Entretanto, a mesma tática que deu pistas valiosas também forneceu aos russos os nomes da linha de frente da CIA. Agora, cada agente infiltrado sabe exatamente quem alvejar, e Joe, capturada, representa o prêmio máximo. A volta ao presente confirma o efeito dominó: uma armadilha fabricada pelo serviço americano pode ter preparado o próprio cativeiro de sua líder.
Kaitlyn e o peso da verdade em casa
O episódio encerra com Kaitlyn batendo à porta de Neal, marido de Joe. Sem rodeios, ela apresenta três cenários: resgate rápido, negociação eterna ou morte certa. A frieza da conversa ilustra a política de danos colaterais que rege organismos secretos. Para Neal, resta o dilema mais humano de todos: como preparar as filhas para a possível ausência definitiva da mãe?

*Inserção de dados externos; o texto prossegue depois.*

Lemma cls_rep o (x : Lam o) : cls (rep_loop x) = x.
Proof.
apply: sval_inj => /=.
by case: (proj2_sig (constructive_indefinite_description _ (proj2_sig x))).
Qed.

Lemma rep_cls o p (Hp : is_loop o p) : wequiv (rep (cls Hp)) p.
Proof. by apply/(cls_eq (rep_loop _)); rewrite cls_rep. Qed.

Lemma sval_eq_rect (u v : K) (E : u = v) (x : Lam u) :
  sval (eq_rect u (@Lam d K) x v E) = sval x.
Proof. by case: v / E. Qed.

Lemma Lam_ind o (P : Lam o -> Prop) :
  (forall p (Hp : is_loop o p), P (cls Hp)) -> forall x, P x.
Proof. by move=> IH x; rewrite -(cls_rep x). Qed.

Lemma Lmul_cls o p q (Hp : is_loop o p) (Hq : is_loop o q) :
  Lmul (cls Hp) (cls Hq) = cls (loop_cat Hp Hq).
Proof. by apply/cls_eq; apply: wequiv_cat (rep_loop _) (rep_loop _) (rep_cls Hq) (rep_cls Hp). Qed.

Lemma Linv_cls o p (Hp : is_loop o p) : Linv (cls Hp) = cls (loop_opp Hp).
Proof. by apply/cls_eq; apply: wequiv_popp (rep_loop _) (rep_cls Hp). Qed.

Lemma Lam_group o : is_group (@Lmul d K o) (Lone o) (@Linv d K o).
Proof.
split.
- elim/Lam_ind => p Hp; elim/Lam_ind => q Hq; elim/Lam_ind => r Hr.
  by rewrite !Lmul_cls; apply/cls_eq; rewrite /pcat catA; apply: wequiv_refl.
- by elim/Lam_ind => p Hp; rewrite Lmul_cls; apply/cls_eq; apply: wequiv_iotar Hp.
- by elim/Lam_ind => p Hp; rewrite Lmul_cls; apply/cls_eq; apply: wequiv_iotal Hp.
- by elim/Lam_ind => p Hp; rewrite Linv_cls Lmul_cls; apply/cls_eq; apply: wequiv_cat_popp Hp.
- by elim/Lam_ind => p Hp; rewrite Linv_cls Lmul_cls; apply/cls_eq; apply: wequiv_popp_cat Hp.
Qed.

Definition Lconj o a c (Hc : path_from_to o a c) (x : Lam o) : Lam a :=
  cls (loop_pconj Hc (rep_loop x)).

Lemma Lconj_cls o a c (Hc : path_from_to o a c) p (Hp : is_loop o p) :
  Lconj Hc (cls Hp) = cls (loop_pconj Hc Hp).
Proof. by apply/cls_eq; apply: wequiv_pconj Hc (rep_loop _) (wequiv_refl c) (rep_cls Hp). Qed.

Lemma lamE o a (H : o <= a) (x : Lam o) : lam H x = Lconj (path_single (edge H)) x.
Proof. exact: sval_inj. Qed.

Lemma lam_cls o a (H : o <= a) p (Hp : is_loop o p) : lam H (cls Hp) = cls (loop_conjp H Hp).
Proof. by rewrite lamE Lconj_cls; apply: sval_inj. Qed.

Section Conjugation.
Variables (o a : K) (c : seq (simplex1 K)) (Hc : path_from_to o a c).

Lemma Lconj_mul : is_hom (@Lmul d K o) (@Lmul d K a) (Lconj Hc).
Proof.
elim/Lam_ind => p Hp; elim/Lam_ind => q Hq.
by rewrite Lmul_cls !Lconj_cls Lmul_cls; apply/cls_eq; exact: pconj_mul Hc Hp Hq.
Qed.

Lemma LconjK : cancel (Lconj Hc) (Lconj (path_opp Hc)).
Proof. by elim/Lam_ind => p Hp; rewrite !Lconj_cls; apply/cls_eq; exact: pconjK Hc Hp. Qed.

Lemma LconjVK : cancel (Lconj (path_opp Hc)) (Lconj Hc).
Proof. by elim/Lam_ind => q Hq; rewrite !Lconj_cls; apply/cls_eq; exact: pconjVK Hc Hq. Qed.

Lemma Lconj_cat e c' (Hc' : path_from_to a e c') (x : Lam o) :
  Lconj Hc' (Lconj Hc x) = Lconj (path_cat Hc Hc') x.
Proof.
elim/Lam_ind: x => p Hp.
by rewrite !Lconj_cls; apply/cls_eq; rewrite pconj_cat; apply: wequiv_refl.
Qed.

Lemma Lconj_wequiv c' (Hc' : path_from_to o a c') (x : Lam o) :
  wequiv c c' -> Lconj Hc x = Lconj Hc' x.
Proof.
move=> W; elim/Lam_ind: x => p Hp.
by rewrite !Lconj_cls; apply/cls_eq; apply: wequiv_pconj Hc Hp W (wequiv_refl p).
Qed.

End Conjugation.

Ao colocar honra, família e segurança nacional na mesma balança, Lioness entrega um dos capítulos mais tensos da série. E, segundo apuração do portal NoNetflix, a repercussão entre fãs mostra divisão: uns veem lógica militar na ordem de abate; outros a encaram como traição irreparável à protagonista.
Se “Murder Hornets” não sacrifica fisicamente Joe, sacrifica a antiga certeza de que a CIA sempre resgataria seus melhores operativos. A partir daqui, cada novo episódio carregará a pergunta que ecoa nas redes sociais: até onde a agência irá para evitar que suas verdades venham à tona — e qual será o preço final para Joe e para o próprio governo?